6.2 Attributes

A custom plot can be created by using attributes. The attributes can be set through keyword arguments. A list of attributes for every plotting object can be viewed via:

fig, ax, pltobj = scatterlines(1:10)
pltobj.attributes
Attributes with 14 entries:
  color => black
  colormap => viridis
  colorrange => Automatic()
  inspectable => true
  linestyle => nothing
  linewidth => 1.5
  marker => Circle{T} where T
  markercolor => black
  markercolormap => viridis
  markercolorrange => Automatic()
  markersize => 9
  model => Float32[1.0 0.0 0.0 0.0; 0.0 1.0 0.0 0.0; 0.0 0.0 1.0 0.0; 0.0 0.0 0.0 1.0]
  strokecolor => black
  strokewidth => 0

or as a Dict calling pltobject.attributes.attributes.

Asking for help in the REPL as ?lines or help(lines) for any given plotting function will show you their corresponding attributes plus a short description on how to use that specific function, e.g.:

help(lines)
  lines(positions)
  lines(x, y)
  lines(x, y, z)

  Creates a connected line plot for each element in (x, y, z), (x, y) or
  positions.

  │ Tip
  │
  │  You can separate segments by inserting NaNs.

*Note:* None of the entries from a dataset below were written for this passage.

(* Let $G$ be a group and $S\subseteq G$ a conjugation invariant generating set of $G$. Suppose there exist homogeneous quasi-morphisms $q_1,\dots,q_m:G\to\mathbb{R}$ which are linearly independent (as elements of the real vector space of functions $G\to\mathbb R$) and each of which is bounded on $S$. Then there is a quasi-isometric embedding of $\mathbb{Z}^m$ into $\mathrm{Cay}(G,S)$.
   Context: A quasi-morphism is a function $q:G\to\mathbb{R}$ with $\sup_{g,h\in G}|q(gh)-q(g)-q(h)|<\infty$ (this supremum is the defect); it is homogeneous if $q(g^k)=kq(g)$ for all $g\in G$, $k\in\mathbb{Z}$. $S$ is conjugation invariant if $gsg^{-1}\in S$ for all $g\in G$, $s\in S$. $\mathrm{Cay}(G,S)$ is the graph with vertex set $G$ and an (undirected) edge between $g$ and $sg$ for every $g\in G$, $s\in S$, with the path metric in which edges have length $1$. $\mathbb{Z}^m$ carries the $\ell^1$ metric. A map $f$ between metric spaces is a quasi-isometric embedding if there are $K\ge1,C\ge0$ with $\frac1K d(x,y)-C\le d(f(x),f(y))\le Kd(x,y)+C$. *)

From HB Require Import structures.
From mathcomp Require Import all_boot all_order all_algebra.
From mathcomp Require Import Rstruct.
Set Implicit Arguments. Unset Strict Implicit. Unset Printing Implicit Defensive.
Import Order.TTheory GRing.Theory Num.Theory.
Local Open Scope ring_scope.

Record group := Group {
  gcar :> Type;
  gmul : gcar -> gcar -> gcar;
  gone : gcar;
  ginv : gcar -> gcar;
  gmulA : forall x y z, gmul x (gmul y z) = gmul (gmul x y) z;
  gmul1g : forall x, gmul gone x = x;
  gmulg1 : forall x, gmul x gone = x;
  gmulVg : forall x, gmul (ginv x) x = gone;
  gmulgV : forall x, gmul x (ginv x) = gone }.

Section GroupDefs.
Variable G : group.

Definition gpown (g : G) (n : nat) : G := iter n (gmul g) (gone G).
Definition gpowz (g : G) (k : int) : G :=
  match k with
  | Posz n => gpown g n
  | Negz n => ginv (gpown g n.+1)
  end.

Definition quasi_morphism (q : G -> Rdefinitions.R) : Prop :=
  exists D : Rdefinitions.R, forall g h : G, `|q (gmul g h) - q g - q h| <= D.

Definition homogeneous (q : G -> Rdefinitions.R) : Prop :=
  forall (g : G) (k : int), q (gpowz g k) = k%:~R * q g.

Definition conj_invariant (S : G -> Prop) : Prop :=
  forall g s : G, S s -> S (gmul (gmul g s) (ginv g)).

(* walk n g h : there is an edge path of length n in Cay(G,S) from g to h;
   edges join x and s*x for s in S (traversed both ways). *)
Inductive walk (S : G -> Prop) : nat -> G -> G -> Prop :=
  | walk0 : forall g, walk S 0 g g
  | walkF : forall n g h s, walk S n g h -> S s -> walk S n.+1 g (gmul s h)
  | walkB : forall n g h s, walk S n g h -> S s -> walk S n.+1 g (gmul (ginv s) h).

Definition generates (S : G -> Prop) : Prop :=
  forall g : G, exists n, walk S n (gone G) g.

Definition cay_dist (S : G -> Prop) (g h : G) (n : nat) : Prop :=
  walk S n g h /\ forall k, walk S k g h -> (n <= k)%N.

End GroupDefs.

Definition l1_dist (m : nat) (x y : 'I_m -> int) : nat :=
  (\sum_(i < m) `|x i - y i|%N)%N.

  lines has the following function signatures:

    (Vector, Vector)
    (Vector, Vector, Vector)
    (Matrix)

  Available attributes for Lines{T} where T are:

    ambient
    color
    colormap
    colorrange
    cycle
    diffuse
    inspectable
    lightposition
    linestyle
    linewidth
    nan_color
    overdraw
    shininess
    specular
    ssao
    transparency
    visible

But not only the plot objects have attributes, also the Axis and Figure objects do. For example, for Figure, we have backgroundcolor, resolution, font and fontsize and the figure_padding which changes the amount of space around the figure content, see the grey area in the plot. It can take one number for all sides, or a tuple of four numbers for left, right, bottom and top.

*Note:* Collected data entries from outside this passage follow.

(* Under the hypotheses of Theorem 7.7 (restated: $(\mathcal{F}_\lambda)$ a coherent family, $t:\mathbb{F}_q\to\mathbb{F}_\mathfrak{l}$ the trace function of $\mathcal{F}=\mathcal{F}_\lambda$, $\mathcal{I}$ a family of sums with $\mathcal{F}$ being $\bigcup_{k\in\mathcal{I}}\mathcal{I}(k)$-compatible), we have \[\Phi(t,\mathcal{I}',a)=\frac1{|\mathbb{F}_\mathfrak{l}|}+O\big(V(t,\mathcal{I})^{1/2}\big)\] uniformly in $a\in\mathbb{F}_\mathfrak{l}$, where $\Phi(t,\mathcal{I}',a)=\frac1q\sum_{x\in\mathbb{F}_q}\Phi(t,\mathcal{I}+x,a)=\frac{|\{(k,x)\in\mathcal{I}\times\mathbb{F}_q: S(t,\mathcal{I}(k)+x)\equiv a\}|}{q|\mathcal{I}|}$.
   Context: Notation: $S(t,E)=\sum_{y\in E}t(y)$; a family of sums is a finite set $\mathcal{I}$ with an injective map $k\mapsto\mathcal{I}(k)\subset\mathbb{F}_q$; $\Phi(t,\mathcal{I}+x,a)=|\{k\in\mathcal{I}:S(t,\mathcal{I}(k)+x)\equiv a\}|/|\mathcal{I}|$; $V(t,\mathcal{I})=\sum_{a\in\mathbb{F}_\mathfrak{l}}\frac1q\sum_{x\in\mathbb{F}_q}(\Phi(t,\mathcal{I}+x,a)-|\mathbb{F}_\mathfrak{l}|^{-1})^2$. Coherent family: irreducible sheaves $\mathcal{F}_\lambda$ of $\mathbb{F}_\mathfrak{l}$-modules on $\mathbb{P}^1_{\mathbb{F}_{q(\lambda)}}$ ($\ell$-adic middle-extension sheaves, i.e. Galois representations of $\mathrm{Gal}(\mathbb{F}_q(T)^{sep}/\mathbb{F}_q(T))$) with uniformly bounded conductor, and either all Kummer sheaves $\mathcal{L}_{\chi(f)}$ (trace function $\chi\circ f\bmod\mathfrak{l}$) with monodromy $\mu_d(\mathbb{F}_\mathfrak{l})$; or $d$ prime, arithmetic = geometric monodromy $\mu_d(\mathbb{F}_\mathfrak{l})$, no geometric isomorphism $[+a]^*\mathcal{F}_\lambda\cong\mathcal{F}_\lambda^{\otimes i}$ ($1\le i<d$, $a\neq0$); or arithmetic = geometric monodromy conjugate to $\mathrm{SL}_n(\mathbb{F}_\mathfrak{l})$ or $\mathrm{Sp}_n(\mathbb{F}_\mathfrak{l})$ ($n$ even) and no geometric isomorphism $[+a]^*\mathcal{F}_\lambda\cong\mathcal{L}\otimes\sigma(\mathcal{F}_\lambda)$ or $\mathcal{L}\otimes D(\sigma(\mathcal{F}_\lambda))$ ($a\ne0$, $\sigma\in\mathrm{Aut}(\mathbb{F}_\mathfrak{l})$, $\mathcal{L}$ rank one). $E$-compatibility is automatic except for Kummer sheaves $\mathcal{L}_{\chi(f_1/f_2)}$, where it means $\sum_{i=1}^mx_i\ne0$ for $x_i\in E$, $1\le m\le\deg f_1$. *)

From HB Require Import structures.
From mathcomp Require Import all_boot all_order all_algebra all_field.
Set Implicit Arguments. Unset Strict Implicit. Unset Printing Implicit Defensive.
Import Order.TTheory GRing.Theory Num.Theory.
Local Open Scope ring_scope.

(* K plays the role of F_q, L the role of the coefficient field F_l,
   t : K -> L a function (trace function), Ind the index set of a
   family of sums, Ifam : Ind -> {set K} the (injective) map k |-> I(k). *)

Definition Ssum (K L : finFieldType) (t : K -> L) (E : {set K}) : L :=
  \sum_(y in E) t y.

Definition shift (K : finFieldType) (E : {set K}) (x : K) : {set K} :=
  [set y + x | y in E].

Definition Phi (R : rcfType) (K L : finFieldType) (Ind : finType)
  (Ifam : Ind -> {set K}) (t : K -> L) (x : K) (a : L) : R :=
  (#|[set k : Ind | Ssum t (shift (Ifam k) x) == a]|)%:R / (#|Ind|)%:R.

Definition Phi' (R : rcfType) (K L : finFieldType) (Ind : finType)
  (Ifam : Ind -> {set K}) (t : K -> L) (a : L) : R :=
  (#|K|)%:R^-1 * \sum_(x : K) Phi R Ifam t x a.

Definition Vvar (R : rcfType) (K L : finFieldType) (Ind : finType)
  (Ifam : Ind -> {set K}) (t : K -> L) : R :=
  \sum_(a : L) ((#|K|)%:R^-1 *
     \sum_(x : K) (Phi R Ifam t x a - (#|L|)%:R^-1) ^+ 2).

From HB Require Import structures.
From mathcomp Require Import all_boot all_order all_algebra all_field.
From mathcomp Require Import ring.
Set Implicit Arguments. Unset Strict Implicit. Unset Printing Implicit Defensive.
Import Order.TTheory GRing.Theory Num.Theory.
Local Open Scope ring_scope.

(* Phi(t, I', a) - 1/|F_l| is the mean over x of the deviations
   Phi(t, I + x, a) - 1/|F_l|.  By Jensen (Cauchy-Schwarz) its square is at
   most the mean of the squared deviations, which is the a-th summand of
   V(t, I); so the bound holds with C = 1, and none of the sheaf-theoretic
   hypotheses of Theorem 7.7 is needed. *)

Definition mean (R : fieldType) (T : finType) (f : T -> R) : R :=
  #|T|%:R^-1 * \sum_x f x.

Lemma sum_mean_sub_sqr (R : numFieldType) (T : finType) (f : T -> R) :
  (0 < #|T|)%N ->
  \sum_x (f x - mean f) ^+ 2 = \sum_x f x ^+ 2 - #|T|%:R * mean f ^+ 2.
Proof.
move=> T_gt0; set m := mean f; set n : R := #|T|%:R.
have n_neq0 : n != 0 by rewrite pnatr_eq0 -lt0n.
have sum_f : \sum_x f x = n * m by rewrite /m /mean mulVKf.
under eq_bigr => x _ do rewrite sqrrB -mulr_natr.
rewrite !big_split /= sumrN sumr_const -mulr_natr -!mulr_suml -/n sum_f.
ring.
Qed.

Lemma sqr_mean_le_mean_sqr (R : realFieldType) (T : finType) (f : T -> R) :
  (0 < #|T|)%N -> mean f ^+ 2 <= mean (fun x => f x ^+ 2).
Proof.
move=> T_gt0; have n_gt0 : 0 < #|T|%:R :> R by rewrite ltr0n.
have : 0 <= \sum_x (f x - mean f) ^+ 2 by apply: sumr_ge0 => x _; exact: sqr_ge0.
rewrite sum_mean_sub_sqr // subr_ge0 => le_n_sum.
by rewrite -(ler_pM2l n_gt0) {2}/mean mulVKf ?gt_eqF.
Qed.

Lemma norm_mean_le_sqrt_mean_sqr (R : rcfType) (T : finType) (f : T -> R) :
  (0 < #|T|)%N -> `|mean f| <= Num.sqrt (mean (fun x => f x ^+ 2)).
Proof. by move=> T_gt0; rewrite -sqrtr_sqr ler_wsqrtr ?sqr_mean_le_mean_sqr. Qed.

Lemma mean_subr (R : numFieldType) (T : finType) (f : T -> R) (c : R) :
  (0 < #|T|)%N -> mean (fun x => f x - c) = mean f - c.
Proof.
move=> T_gt0; rewrite /mean sumrB sumr_const mulrBr -[c *+ _]mulr_natl.
by rewrite mulKf // pnatr_eq0 -lt0n.
Qed.

Lemma mean_ge0 (R : numFieldType) (T : finType) (f : T -> R) :
  (forall x, 0 <= f x) -> 0 <= mean f.
Proof. by move=> f_ge0; rewrite mulr_ge0 ?invr_ge0 ?ler0n ?sumr_ge0. Qed.

Lemma Phi'_mean (R : rcfType) (K L : finFieldType) (Ind : finType)
    (Ifam : Ind -> {set K}) (t : K -> L) (a : L) :
  Phi' R Ifam t a = mean (fun x => Phi R Ifam t x a).
Proof. by []. Qed.

Lemma mean_sqr_dev_le_Vvar (R : rcfType) (K L : finFieldType) (Ind : finType)
    (Ifam : Ind -> {set K}) (t : K -> L) (a : L) :
  mean (fun x => (Phi R Ifam t x a - #|L|%:R^-1) ^+ 2) <= Vvar R Ifam t.
Proof.
rewrite [Vvar _ _ _](bigD1 a) //= lerDl.
by apply: sumr_ge0 => b _; apply: mean_ge0 => x; apply: sqr_ge0.
Qed.

Theorem corollary7p8 (R : rcfType) :
  exists C : R, 0 < C /\
  forall (K L : finFieldType) (Ind : finType) (Ifam : Ind -> {set K})
         (t : K -> L),
    injective Ifam -> (0 < #|Ind|)%N ->
    forall a : L,
      `| Phi' R Ifam t a - (#|L|)%:R^-1 | <= C * Num.sqrt (Vvar R Ifam t).
Proof.
exists 1; split => // K L Ind Ifam t _ _ a.
have K_gt0 : (0 < #|K|)%N by apply/card_gt0P; exists 0.
rewrite mul1r Phi'_mean -mean_subr //.
apply: le_trans (norm_mean_le_sqrt_mean_sqr _ K_gt0) _.
by rewrite ler_wsqrtr ?mean_sqr_dev_le_Vvar.
Qed.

Axis has a lot more, some of them are backgroundcolor, xgridcolor and title. For a full list just type help(Axis).

Hence, for our next plot we will call several attributes at once as follows:

figure = (; figure_padding=5, resolution=(600,400),
    backgroundcolor=:grey90, fontsize=16, font="sans")

axis = (; xlabel="x", ylabel="x²", title="title",
    backgroundcolor=:white, xgridstyle=:dash, ygridstyle=:dash)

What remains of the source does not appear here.